(Data extracted from a collection)
Lemma probability_tail_cvg0 (S : T -> R) : measurable_fun setT S ->
  Pr [set w | n%:R <= S w] @[n --> \oo] --> 0%E.
Proof.
move=> mS; rewrite -(measure0 Pr).
have -> : set0 = \bigcap_n [set w | n%:R <= S w].
  apply/seteqP; split => // w /= Sw_ge; have := Sw_ge (Num.trunc `|S w|).+1 I.
  by apply/negP; rewrite -ltNge (le_lt_trans (ler_norm _)) // truncnS_gt.
apply: nonincreasing_cvg_mu => [|n||m n mn].
- by rewrite (le_lt_trans (probability_le1 _ _)) ?ltry //; exact: measurable_superlevel.
- exact: measurable_superlevel.
- by apply: bigcapT_measurable => n; exact: measurable_superlevel.
- by apply/subsetPset => w /=; apply: le_trans; rewrite ler_nat.
Qed.

Lemma probability_cvg0_of_tails (F : set_system R) {FF : Filter F}
    (A : R -> set T) (S : T -> R) :
  (forall s, measurable (A s)) -> measurable_fun setT S ->
  (forall n : nat, \forall s \near F, A s `<=` [set w | n%:R <= S w]) ->
  Pr (A s) @[s --> F] --> 0%E.
Proof.
move=> mA mS A_tail; apply/fine_cvgP; split.
  by apply: nearW => s; exact: fin_num_measure.
apply/cvgr0Pnorm_le => e e_gt0.
have /fine_cvgP[_ /cvgr0_norm_le /(_ e e_gt0) [n _ tail_le]] := probability_tail_cvg0 _ mS.
apply: filterS (A_tail n) => s As_sub /=.
rewrite ger0_norm ?fine_ge0 ?measure_ge0 //.
apply: le_trans (le_trans (ler_norm _) (tail_le n (leqnn n))).
by rewrite fine_le ?fin_num_measure ?le_measure ?inE //; exact: measurable_superlevel.
Qed.
End ProbabilityTail.

Section FarUser.
Context {R : realType} {N M K : nat} {k : 'I_K}.
Context {Hh : 'M[R[i]]_(N, M)} {V : 'M[R[i]]_(M, K)} {u : 'cV[R[i]]_N}.
Context {bk bt P alpha d sigma2 : R}.
Local Notation PL := (P * pathloss alpha d).
Local Notation sinr := (sinr_far k Hh V u bk bt P alpha d sigma2).

Lemma uAvD (A B : 'M[R[i]]_(N, M)) i :
  uAv u (A + B) V i = uAv u A V i + uAv u B V i.
Proof. by rewrite /uAv mulmxDr mulmxDl mxE. Qed.

Lemma uAvZ c (A : 'M[R[i]]_(N, M)) i : uAv u (c *: A) V i = c * uAv u A V i.
Proof. by rewrite /uAv -scalemxAr -scalemxAl mxE. Qed.

Lemma uAv0 i : uAv u 0 V i = 0.
Proof. by rewrite /uAv mulmx0 mul0mx mxE. Qed.

Definition far_interference (E : 'M[R[i]]_(N, M)) : R :=
  sqmod (uAv u E V k) * bt ^+ 2 + sqmod (uAv u (Hh + E) V k) * bk ^+ 2
  + \sum_(i < K | i != k) sqmod (uAv u (Hh + E) V i).
Lemma value_lift_le_supersolution (W : S -> R) :
  (forall s a, action_value gamma M W s a <= W s) ->
  forall pi : T -> A, value gamma Mt pi <= \sum_s init M s * W s.
Proof.
have [split_S [Mt_MDP [_ [_ [_ [_ [_ [initE init12]]]]]]]] := Mt_split.
move=> W_super pi; rewrite value_state_value //.
rewrite -(split_states_sum _ split_S initE init12); apply: ler_sum => y _.
apply: ler_wpM2l; first exact: Mt_MDP.1.1.
apply: (chain_value_le_supersolution gamma_ge0 gamma_lt1
  (fun x => Mt_MDP.2 x (pi x)) (W := W \o phi)) => x.
have := W_super (phi x) (pi x); by rewrite -action_value_lift.
Qed.

End SplitMDP.

Theorem theorem1 (R : realType) (S T A : finType) (gamma : R)
  (M : MDP S A R) (Mt : MDP T A R) (phi : T -> S) (s0 : S) (t1 t2 : T)
  (pi_star : S -> A) :
  0 <= gamma -> gamma < 1 ->
  is_MDP M ->
  split_MDP M Mt phi s0 t1 t2 ->
  optimal_policy gamma M pi_star ->
  exists pit : T -> A,
    [/\ pit t1 = pi_star s0, pit t2 = pi_star s0,
        value gamma Mt pit = value gamma M pi_star &
        forall pi' : T -> A, pi' <> pit -> value gamma Mt pi' <= value gamma Mt pit].
Proof.
move=> gamma_ge0 gamma_lt1 M_MDP Mt_split pi_star_opt.
have [[_ phiE _ _] _] := Mt_split.
have [pi pi_opt] := exists_bellman_optimal_policy gamma_ge0 gamma_lt1 M_MDP pi_star.
exists (pi_star \o phi); split.
- by rewrite /= (phiE t1).2 //; left.
- by rewrite /= (phiE t2).2 //; right.
- exact: (value_lift gamma Mt_split pi_star).
move=> pi' _; rewrite (value_lift gamma Mt_split).
apply: le_trans (pi_star_opt pi).
rewrite (value_state_value gamma_ge0 gamma_lt1 M_MDP).
exact: (value_lift_le_supersolution Mt_split gamma_ge0 gamma_lt1 pi_opt).
Qed.
Lemma full_coord_subgroup (Z : pred 'I_n) :
  is_full (fun psi : 'cV[int]_n => forall j, Z j -> psi j 0 = 0).
Proof.
have subgroup (Y : pred 'I_n) :
    is_subgroup (fun psi : 'cV[int]_n => forall j, Y j -> psi j 0 = 0).
  split=> [j _|x y x0 y0 j Yj]; first by rewrite mxE.
  by rewrite !mxE x0 // y0 // subr0.
split; first exact: subgroup.
exists (fun psi => forall j, ~~ Z j -> psi j 0 = 0); split; first exact: subgroup.
split=> [x Gx Hx|x].
  apply/matrixP => j k; rewrite (ord1 k) mxE.
  by case Zj: (Z j); [apply: Gx | apply: Hx]; rewrite Zj.
exists (\col_j (if Z j then 0 else x j 0)), (\col_j (if Z j then x j 0 else 0)).
split=> [j Zj|]; first by rewrite mxE Zj.
split=> [j Zj|]; first by rewrite mxE (negbTE Zj).
by apply/matrixP => j k; rewrite (ord1 k) !mxE; case: (Z j); rewrite ?add0r ?addr0.
Qed.

Lemma full_unitmx_preim (U : 'M[int]_n) (G G' : 'cV[int]_n -> Prop) :
  U \in unitmx -> (forall phi, G' phi <-> G (U *m phi)) -> is_full G -> is_full G'.
Proof.
move=> Uunit G'E [[G0 GB] [H [[H0 HB] [GH0 GH]]]].
have UK psi : U *m (invmx U *m psi) = psi by rewrite mulKVmx.
split.
  split=> [|x y]; rewrite !G'E ?mulmx0 // mulmxBr; exact: GB.
exists (fun phi => H (U *m phi)); split.
  by split=> [|x y]; rewrite ?mulmx0 // mulmxBr; apply: HB.
split=> [x /G'E Gx Hx|x].
  by rewrite -(mulKmx Uunit x) (GH0 _ Gx Hx) mulmx0.
have [g [h [Gg [Hh xE]]]] := GH (U *m x).
exists (invmx U *m g), (invmx U *m h); rewrite G'E !UK.
by rewrite -mulmxDr -xE mulKmx.
Qed.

● **EXERCISE DIRECTIONS**
Every line that holds the word "initE" should be copied from the records above.

● **ANSWER FOR THE TASK**
have [split_S [Mt_MDP [_ [_ [_ [_ [_ [initE init12]]]]]]]] := Mt_split.
rewrite -(split_states_sum _ split_S initE init12); apply: ler_sum => y _.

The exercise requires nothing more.